Temporal integration and temporal dynamics of 40-Hz aSSR

Temporal integration is believed to be an important property of the auditory system (Moore 2003). However, time constants of the temporal integration window measured from different psychoacoustical experiments seem inconsistent. Loudness perception and modulation detection experiments show a temporal integration window >200 ms, whereas gap detection experiments show a fine temporal resolution of a few milliseconds (Moore 2003; Ross et al. 2002). A similar paradox exists in speech perception experiments; humans are sensitive to fast formant transition cues (20–40 ms) but can also do a temporal integration over a few hundred milliseconds to extract syllabic level information (Poeppel 2003). The 40-Hz aSSR is a good tool to study the neurophysiology underlying the “resolution-integration paradox” (de Boer 1985) for three reasons. First, the build-up of 40-Hz aSSR takes >200 ms (Ross and Pantev 2004; Ross et al. 2002), which may correspond to the long 200-ms level temporal integration window. Second, the poststimulus fall-off of 40-Hz aSSR occurs within 50 ms (Ross and Pantev 2004; Ross et al. 2002), implying an integration time <50 ms. Third, the 40-Hz aSSR can be interrupted by a temporal gap as short as 3 ms, showing the extremely fine resolution of the auditory system. In sum, the temporal dynamics of 40-Hz aSSR reflects both the slow integration and fine temporal resolution properties of the auditory system. As is shown by the successful fits of the integration-compression model, the “resolution-integration paradox” in the temporal dynamics of 40-Hz aSSR can be well explained by a simple nonlinear system with two time constants.

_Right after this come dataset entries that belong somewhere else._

Lemma upd_comm n (f : 'I_n -> T) i j v w :
  i != j -> upd (upd f i v) j w = upd (upd f j w) i v.
Proof.
move=> ij; apply: functional_extensionality => k; rewrite /upd.
by case: (eqVneq k j) => [->|//]; rewrite eq_sym (negPf ij).
Qed.

Lemma ins_upd n (k : 'I_n.+1) v w h : ins k v h = upd (ins k w h) k v.
Proof.
apply: functional_extensionality => j; case: (eqVneq j k) => [->|jk].
  by rewrite upd_at ins_at.
by rewrite upd_out //; case: (unliftP k j) jk => [j'|] ->; rewrite ?eqxx // !ins_lift.
Qed.

(* Inserting at position k + 1 instead of k swaps the entries at k and k + 1. *)
Lemma ins_liftS n (k : 'I_n) v h (a := lift ord_max k) (b := lift ord0 k)
    (f := ins a v h) :
  ins b v h = upd (upd f a (f b)) b (f a).
Proof.
rewrite /f {f}; have a_val : a = k :> nat := lift_max k.
have b_val : b = k.+1 :> nat := lift0 k.
clearbody a b.
have lift_ak : lift a k = b by apply: val_inj; rewrite /= /bump a_val b_val leqnn.
have lift_bk : lift b k = a by apply: val_inj; rewrite /= /bump a_val b_val ltnn.
rewrite ins_at -[in ins a v h b]lift_ak ins_lift.
apply: functional_extensionality => j; case: (eqVneq j b) => [->|jb].
  by rewrite upd_at ins_at.
rewrite upd_out //; case: (eqVneq j a) => [->|ja]; first by rewrite upd_at -lift_bk ins_lift.
rewrite upd_out //; case: (unliftP a j) ja jb => [j'|->]; last by rewrite eqxx.
move=> -> _ ajb; have j'k : j' != k by apply: contraNneq ajb => ->; rewrite lift_ak.
rewrite [RHS]ins_lift (_ : lift a j' = lift b j') ?ins_lift //.
apply: val_inj; rewrite /= /bump a_val b_val.
by move: j'k; rewrite -val_eqE /=; case: leqP; case: leqP; lia.
Qed.

End FamilyUpdates.

(** * The partitions P_n *)

Section Partitions.

Lemma conjpE n (lam : 'I_n -> nat) j : conjp lam j = \sum_(i < n) (j <= lam i).
Proof.
rewrite /conjp -sum1_card big_mkcond /=; apply: eq_bigr => i _.
by rewrite inE; case: leqP.
Qed.

Lemma conjp0 n (lam : 'I_n -> nat) : conjp lam 0 = n.
Proof. by rewrite conjpE (eq_bigr (fun _ => 1)) // sum1_card card_ord. Qed.

Lemma conjp1_full n (lam : 'I_n -> nat) : conjp lam 1 = n -> forall i, 0 < lam i.
Proof.
move=> full i; have /card0_eq/(_ i) : #|[predC [pred i | 0 < lam i]]| = 0.
  by apply/eqP; rewrite -(eqn_add2l (conjp lam 1)) cardC card_ord {1}full addn0.
by rewrite !inE => /negbFE.
Qed.

Lemma is_partitionP n (lam : 'I_n -> nat) :
  reflect (forall i j : 'I_n, i <= j -> lam j <= lam i) (is_partition lam).
Proof.
apply: (iffP forallP) => [H i j|H i]; first by move/forallP/(_ j)/implyP: (H i).
by apply/forallP => j; apply/implyP/H.
Qed.

Lemma frob_shiftP n (lam : 'I_n -> nat) :
  reflect (forall i : 'I_n, i.+1 <= lam i -> conjp lam i.+1 = (lam i).+1)
          (frob_shift lam).
Proof.
apply: (iffP forallP) => [H i /(implyP (H i))/eqP //|H i].
by apply/implyP => /H ->.
Qed.

Definition padp n (mu : 'I_n -> nat) : 'I_n.+1 -> nat := ins ord_max 0 mu.

(* In Frobenius notation, hookp (alpha | beta) = (n - 1, alpha | n, beta). *)
Definition hookp n (mu : 'I_n -> nat) : 'I_n.+1 -> nat := ins ord0 n (succn \o mu).

Lemma padpK n : cancel (@padp n) (fun lam => lam \o lift ord_max).
Proof. by move=> mu; apply: functional_extensionality => i; rewrite /= /padp ins_lift. Qed.

Lemma hookpK n : cancel (@hookp n) (fun lam => predn \o lam \o lift ord0).
Proof. by move=> mu; apply: functional_extensionality => i; rewrite /= /hookp ins_lift. Qed.

Lemma conjp_padp n (mu : 'I_n -> nat) j : 0 < j -> conjp (padp mu) j = conjp mu j.
Proof.
move=> j_gt0; rewrite !conjpE (bigD1_ord ord_max) //= /padp ins_at leqNgt j_gt0.
by under eq_bigr do rewrite ins_lift.
Qed.

Lemma conjp_hookp n (mu : 'I_n -> nat) j :
  conjp (hookp mu) j.+1 = (j < n) + conjp mu j.
Proof.
by rewrite !conjpE big_ord_recl /hookp ins_at; under eq_bigr do rewrite ins_lift.
Qed.

Lemma inP_padp n (mu : 'I_n -> nat) : inP (padp mu) = inP mu.
Proof.
rewrite /padp; apply/andP/andP => -[/is_partitionP P /frob_shiftP F]; split.
- apply/is_partitionP => i j ij; have := P (lift ord_max i) (lift ord_max j).
  by rewrite !ins_lift !lift_max; apply.
- apply/frob_shiftP => i; have := F (lift ord_max i).
  by rewrite ins_lift lift_max conjp_padp.
- apply/is_partitionP => i j; case: (unliftP ord_max j) => [j'|] ->; last by rewrite ins_at.
  case: (unliftP ord_max i) => [i'|] -> ij; rewrite ins_lift.
    by rewrite ins_lift; apply: P; rewrite -(lift_max i') -(lift_max j').
  by move: ij; rewrite lift_max leqNgt ltn_ord.
- apply/frob_shiftP => i; case: (unliftP ord_max i) => [i'|] ->; last by rewrite ins_at.
  by rewrite ins_lift lift_max conjp_padp // => /F.
Qed.

Lemma inP_hookp n (mu : 'I_n -> nat) : inP (hookp mu) = inP mu.
Proof.
rewrite /hookp; apply/idP/idP => [/andP [/is_partitionP P /frob_shiftP F]|mu_P].
  apply/andP; split.
    apply/is_partitionP => i j ij; have := P (lift ord0 i) (lift ord0 j).
    by rewrite !ins_lift !lift0 ltnS; apply.
  apply/frob_shiftP => i i_le; have := F (lift ord0 i).
  have mu_lt : mu i < n by have := P ord0 (lift ord0 i); rewrite ins_at ins_lift; apply.
  rewrite ins_lift lift0 conjp_hookp /= ltnS i_le (leq_ltn_trans i_le mu_lt).
  by move=> /(_ isT); rewrite add1n => -[].
have mu_lt := inP_parts_lt mu_P; case/andP: mu_P => /is_partitionP P /frob_shiftP F.
apply/andP; split.
  apply/is_partitionP => i j; case: (unliftP ord0 j) => [j'|] -> ij.
    case: (unliftP ord0 i) ij => [i'|] -> ij; rewrite !ins_lift ?ins_at.
      by apply: P; move: ij; rewrite !lift0.
    exact: mu_lt.
  by rewrite (_ : i = ord0) //; apply/val_inj/eqP; rewrite -leqn0.
apply/frob_shiftP => i; case: (unliftP ord0 i) => [i'|] ->.
  rewrite ins_lift lift0 conjp_hookp /= ltnS => i_le.
  by rewrite (F _ i_le) (leq_ltn_trans i_le (mu_lt i')).
by rewrite ins_at conjp_hookp conjp0 => ->.
Qed.

Lemma inP_padpE n (lam : 'I_n.+1 -> nat) :
  inP lam -> lam ord0 < n -> lam = padp (lam \o lift ord_max).
Proof.
case/andP=> /is_partitionP P /frob_shiftP F lam0_lt.
rewrite [LHS](ins_eta ord_max); congr ins.
apply/eqP; rewrite -leqn0 leqNgt; apply/negP => lam_max_gt0.
have lam_gt0 i : 0 < lam i by exact: leq_trans lam_max_gt0 (P i ord_max (leq_ord i)).
have conjp1 : conjp lam 1 = n.+1.
  by rewrite conjpE (eq_bigr (fun _ => 1)) ?sum1_card ?card_ord // => i _; rewrite lam_gt0.
by move: (F ord0 (lam_gt0 ord0)); rewrite conjp1 => -[lam0]; rewrite -lam0 ltnn in lam0_lt.
Qed.

Lemma inP_hookpE n (lam : 'I_n.+1 -> nat) :
  inP lam -> lam ord0 = n -> lam = hookp (predn \o lam \o lift ord0).
Proof.
case/andP=> _ /frob_shiftP F lam0; rewrite [LHS](ins_eta ord0) lam0 /hookp.
congr ins; apply: functional_extensionality => i /=; rewrite prednK //.
have n_gt0 : 0 < n := leq_ltn_trans (leq0n i) (ltn_ord i).
have conjp1 : conjp lam 1 = n.+1 by rewrite (F ord0) ?lam0.
exact: conjp1_full conjp1 _.
Qed.

Lemma psize_padp n (mu : 'I_n -> nat) : psize (padp mu) = psize mu.
Proof.
by rewrite /psize (bigD1_ord ord_max) //= /padp ins_at; under eq_bigr do rewrite ins_lift.
Qed.

Lemma psize_hookp n (mu : 'I_n -> nat) : psize (hookp mu) = psize mu + n.*2.
Proof.
rewrite /psize big_ord_recl /hookp ins_at.
under eq_bigr do rewrite ins_lift /= -addn1.
by rewrite big_split /= sum1_card card_ord -addnn addnCA addnA.
Qed.

Lemma inP_psize_even n (lam : 'I_n -> nat) : inP lam -> ~~ odd (psize lam).
Proof.
elim: n lam => [|n IH] lam lam_P; first by rewrite /psize big_ord0.
have := inP_parts_lt lam_P ord0; rewrite ltnS leq_eqVlt => /orP [/eqP lam0|lam0_lt].
  move: (lam_P); rewrite (inP_hookpE lam_P lam0) inP_hookp psize_hookp oddD odd_double addbF.
  exact: IH.
by move: (lam_P); rewrite (inP_padpE lam_P lam0_lt) inP_padp psize_padp; apply: IH.
Qed.

End Partitions.

Section FfunPartitions.

Definition parts n (lam : {ffun 'I_n -> 'I_n}) : 'I_n -> nat := fun i => lam i.

Definition ffun_of_parts n (u : 'I_n -> nat) : {ffun 'I_n -> 'I_n} :=
  [ffun i => insubd i (u i)].

Lemma partsK n : cancel (@parts n) (@ffun_of_parts n).
Proof. by move=> lam; apply/ffunP => i; rewrite ffunE valKd. Qed.

Lemma ffun_of_partsK n (u : 'I_n -> nat) :
  (forall i, u i < n) -> parts (ffun_of_parts u) = u.
Proof.
move=> u_lt; apply: functional_extensionality => i.
by rewrite /parts ffunE insubdK //; apply: u_lt.
Qed.

Lemma padp_lt n (mu : {ffun 'I_n -> 'I_n}) i : padp (parts mu) i < n.+1.
Proof.
case: (unliftP ord_max i) => [i'|] ->; rewrite /padp ?ins_at // ins_lift.
exact: ltnW (ltn_ord _).
Qed.

Lemma hookp_lt n (mu : {ffun 'I_n -> 'I_n}) i : hookp (parts mu) i < n.+1.
Proof.
case: (unliftP ord0 i) => [i'|] ->; rewrite /hookp ?ins_at // ins_lift ltnS.
exact: ltn_ord.
Qed.

Lemma big_inP_split (V : nmodType) n (G : ('I_n.+2 -> nat) -> V) :
  (\sum_(lam : {ffun 'I_n.+2 -> 'I_n.+2} | inP (parts lam)) G (parts lam) =
   \sum_(mu : {ffun 'I_n.+1 -> 'I_n.+1} | inP (parts mu))
     (G (padp (parts mu)) + G (hookp (parts mu))))%R.
Proof.
rewrite big_split (bigID (fun lam => parts lam ord0 == n.+1)) /= addrC.
have ord0_lift : (ord0 : 'I_n.+2) = lift ord_max ord0 by exact: val_inj.
congr (_ + _)%R.
  rewrite (reindex_onto (fun mu => ffun_of_parts (padp (parts mu)))
                        (fun lam => ffun_of_parts (parts lam \o lift ord_max))) /=.
    apply: eq_big => mu; last by rewrite ffun_of_partsK //; apply: padp_lt.
    rewrite ffun_of_partsK; last exact: padp_lt.
    rewrite inP_padp padpK partsK eqxx andbT ord0_lift /padp ins_lift.
    by rewrite (ltn_eqF (ltn_ord _)) andbT.
  move=> lam /andP [lam_P lam0_ne].
  have lam0_lt : parts lam ord0 < n.+1 by rewrite ltn_neqAle lam0_ne -ltnS ltn_ord.
  have [/is_partitionP lam_dec _] := andP lam_P.
  rewrite ffun_of_partsK => [|i]; last exact: leq_ltn_trans (lam_dec ord0 _ _) lam0_lt.
  by rewrite -(inP_padpE lam_P lam0_lt) partsK.
rewrite (reindex_onto (fun mu => ffun_of_parts (hookp (parts mu)))
                      (fun lam => ffun_of_parts (predn \o parts lam \o lift ord0))) /=.
  apply: eq_big => mu; last by rewrite ffun_of_partsK //; apply: hookp_lt.
  rewrite ffun_of_partsK; last exact: hookp_lt.
  by rewrite inP_hookp hookpK partsK eqxx andbT /hookp ins_at eqxx andbT.
move=> lam /andP [lam_P /eqP lam0].
rewrite ffun_of_partsK => [|i]; last first.
  by have := ltn_ord (lam (lift ord0 i)); rewrite /parts /=; lia.
by rewrite -(inP_hookpE lam_P lam0) partsK.
Qed.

It is constructive to compare more closely the integration-compression model with models addressing the psychoacoustical “resolution-integration paradox” (de Boer 1985). One type of psychoacoustical model suggests dual temporal windows exist in the auditory system and are implemented by different but overlapped neural populations (Poeppel 2003). This model is supported by recent fMRI studies (Boemio et al. 2005; Giraud et al. 2007). The integration-compression model is similar in nature to this model. It is interesting that the integration-compression model's two time constants, 25 and 200 ms, obtained by fitting the temporal dynamics of 40-Hz aSSR, coincide with the two time constants suggested by Poeppel (2003) based on speech perception experiments. However, because the two temporal integration systems in the integration-compression model are both linear and operate strictly in parallel, they can factually be unified as a single system whose temporal integration window is a linear superposition of an ∼25-ms exponential window and an ∼200-ms exponential window. Hence, this model can also be implemented by a single population of neurons with a complex temporal integration window. MEG may not have the spatial resolution necessary to determine whether the two temporal windows are implemented by two different neural populations or the same population. Moreover, the temporal dynamics of the aSSR recorded by MEG reflect not only the property of the MEG cortical source but also the properties of other cortical and subcortical neural populations in the same network as the MEG source. Therefore the integration-compression model does not posit any locations for the sources of temporal integration and compression.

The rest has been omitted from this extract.